Машина поднялась в гору, пересекла освещенную площадь, потом ещё поднялась, потом спустилась в темноту и мягко покатила по асфальту темной улицы позади церкви Сент-Этьен-дю-Мон, миновала деревья и стоянку автобусов на площади Контрэскарп, потом въехала на булыжную мостовую улицы Муфтар. По обеим сторонам улицы светились окна баров и витрины ещё открытых лавок. Мы сидели врозь, а когда мы поехали по старой, тряской улице, нас тесно прижало друг к другу.
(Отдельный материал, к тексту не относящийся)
(* For any discrete group $G$, $HC^\pm_\bullet(kG;1,\varepsilon)\cong HC^\pm_\bullet(G,k)$.
   Context: $k$ is a field of characteristic $0$; $kG$ is the group Hopf algebra ($\Delta(g)=g\otimes g$, $\varepsilon(g)=1$, $S(g)=g^{-1}$). $HC^\pm_\bullet(kG;1,\varepsilon)$ is the dihedral homology of the dihedral module $\mathrm{CC}_n(kG;1,\varepsilon)=(kG)^{\otimes n}$ with faces $\partial_0(g_1\otimes\cdots\otimes g_n)=g_2\otimes\cdots\otimes g_n$, $\partial_i=g_1\otimes\cdots\otimes g_ig_{i+1}\otimes\cdots\otimes g_n$ ($1\le i\le n-1$), $\partial_n=g_1\otimes\cdots\otimes g_{n-1}$, degeneracies inserting $1$, $\tau_n(g_1\otimes\cdots\otimes g_n)=(g_1\cdots g_n)^{-1}\otimes g_1\otimes\cdots\otimes g_{n-1}$, $\omega_n(g_1\otimes\cdots\otimes g_n)=g_n^{-1}\otimes\cdots\otimes g_1^{-1}$. The dihedral group homology $HC^\pm_\bullet(G,k)$ is the dihedral homology of the dihedral submodule of the standard dihedral module of the $*$-algebra $kG$ (with $g^*=g^{-1}$; $\mathcal{A}^{\otimes n+1}$ with faces multiplying adjacent factors and cyclically the last with the first, $\tau_n(a_0\otimes\cdots\otimes a_n)=a_n\otimes a_0\otimes\cdots\otimes a_{n-1}$, $\omega_n(a_0\otimes\cdots\otimes a_n)=a_0^*\otimes a_n^*\otimes\cdots\otimes a_1^*$) spanned by the tensors $g_0\otimes\cdots\otimes g_n$ with $g_i\in G$ and $g_0g_1\cdots g_n=1$. Dihedral homology means homology of the $\pm1$-eigenspaces of the involution on the cyclic complex. *)

From HB Require Import structures.
From mathcomp Require Import all_boot all_order all_algebra.
From mathcomp Require Import finmap.
From mathcomp.multinomials Require Import monalg.

Set Implicit Arguments.
Unset Strict Implicit.
Unset Printing Implicit Defensive.

Import GRing.Theory.
Local Open Scope ring_scope.

(* A dihedral k-module whose structure maps are k-linear extensions of maps  *)
(* of bases.  [dX n] is a basis of the degree-n module (so the module is the *)
(* free k-module {malg k[dX n]}), [dface n i] is the face d_i : degree n+1   *)
(* -> degree n (i = 0..n+1), [dtau n] is tau_n, [domega n] is omega_n.       *)
(* [dsub n] is a subset of the basis: the dihedral module under              *)
(* consideration is the submodule spanned by the basis elements in           *)
(* [dsub n] (the operators are given on the ambient module).  Degeneracies   *)
(* play no role in the cyclic (Connes) complex and are omitted.              *)
Record dihedral_basis := DihedralBasis {
  dX : nat -> choiceType;
  dface : forall n, 'I_n.+2 -> dX n.+1 -> dX n;
  dtau : forall n, dX n -> dX n;
  domega : forall n, dX n -> dX n;
  dsub : forall n, pred (dX n)
}.

Section DihedralHomology.
Variable k : fieldType.

Definition linext (X Y : choiceType) (f : X -> Y) (p : {malg k[X]}) :
  {malg k[Y]} := \sum_(x <- msupp p) << p@_x *g f x >>.

Variable D : dihedral_basis.

Definition Ch n := {malg k[dX D n]}.

Definition inM n (p : Ch n) : Prop := forall x, x \in msupp p -> @dsub D n x.

Definition bnd n (p : Ch n.+1) : Ch n :=
  \sum_(i < n.+2) (-1) ^+ i *: linext (@dface D n i) p.

Definition cyc n (p : Ch n) : Ch n := (-1) ^+ n *: linext (@dtau D n) p.

Definition invol n (p : Ch n) : Ch n :=
  (-1) ^+ 'C(n.+1, 2) *: linext (@domega D n) p.

(* I_n = (1 - t_n) M_n : C^lambda_n = M_n / I_n is the Connes complex *)
Definition inI n (p : Ch n) : Prop := exists u : Ch n, inM u /\ p = u - cyc u.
Брет сняла шляпу. Откинула голову. Я видел её лицо в свете, падающем из витрин, потом стало темно, потом, когда мы выехали на авеню Гобелен, я отчетливо увидел её лицо. Мостовая была разворочена, и люди работали на трамвайных путях при свете ацетиленовых горелок. Белое лицо Брет и длинная линия её шеи были ясно видны в ярком свете горелок. Когда опять стало темно, я поцеловал её. Мои губы прижались к её губам, а потом она отвернулась и забилась в угол, как можно дальше от меня. Голова её была опущена.

...

Теперь она сидела выпрямившись. Я обнял её, и она прислонилась ко мне, и мы были совсем спокойны. Она смотрела мне в глаза так, как она умела смотреть — пока не начинало казаться, что это уже не её глаза. Они смотрели, и всё ещё смотрели, когда любые глаза на свете давно перестали бы смотреть. Она смотрела так, словно в мире не было ничего, на что она не посмела бы так смотреть, а на самом деле она очень многого в жизни боялась.

...

Я зажёг лампу около кровати, потушил газ в столовой и распахнул широкие окна спальни. Кровать стояла далеко от окон, и я сидел при открытых окнах возле кровати и раздевался. Ночной поезд, развозивший овощи по рынкам, проехал по трамвайным рельсам. Поезда эти громыхали по ночам, когда не спалось. Раздеваясь, я смотрелся в зеркало платяного шкафа, стоявшего рядом с кроватью. Типично французская манера расставлять мебель. Удобно, пожалуй. И надо же — из всех возможных способов быть раненым... В самом деле смешно. Я надел пижаму и лёг в постель. У меня было два спортивных журнала, и я снял с них бандероли. Один был оранжевый. Другой — жёлтый. В обоих будут одни и те же сообщения, поэтому, какой бы я ни прочёл первым, мне не захочется читать другой. «Ле Ториль» лучше, и я начал с него. Я прочёл его от корки до корки, вплоть до писем в редакцию и загадок-шуток. Я потушил лампу. Может быть, удастся заснуть.

...

Я лежал без сна и думал, и мысль перескакивала с предмета на предмет. Потом я не мог больше отогнать мыслей об этом и начал думать о Брет, и всё остальное исчезло. Я думал о Брет, и мысли мои уже не перескакивали с предмета на предмет, а словно поплыли по мягким волнам. И тут, неожиданно для самого себя, я заплакал. Потом, немного спустя, мне стало легче, я лежал в постели и прислушивался к тяжелым вагонам, проезжавшим мимо по улице, а потом заснул.

...

— Что ты на меня так смотришь? Я сказала ему, что влюблена в тебя. И это тоже правда. Что ты на меня так смотришь? Он принял это очень мило. Хочет завтра повезти нас ужинать. Поедешь?

...

На лестнице мы ещё раз поцеловались, и, когда я крикнул консьержке, чтобы она потянула шнур, она что-то проворчала за дверью. Я поднялся к себе и смотрел в открытое окно, как Брет подходит к большому лимузину, дожидавшемуся у края тротуара под дуговым фонарем. Она вошла, и машина тронулась. Я отвернулся от окна. На столе стоял пустой стакан и стакан, наполовину наполненный коньяком с содовой. Я вынес их оба на кухню и вылил коньяк в раковину. Я погасил газ в столовой, сбросил туфли, сидя на постели, и лёг. Вот какая она, Брет, — и о ней-то я плакал. Потом я вспомнил, как она только что шла по улице и как села в машину, и, конечно, спустя две минуты мне уже опять стало скверно. Ужасно легко быть бесчувственным днем, а вот ночью — это совсем другое дело.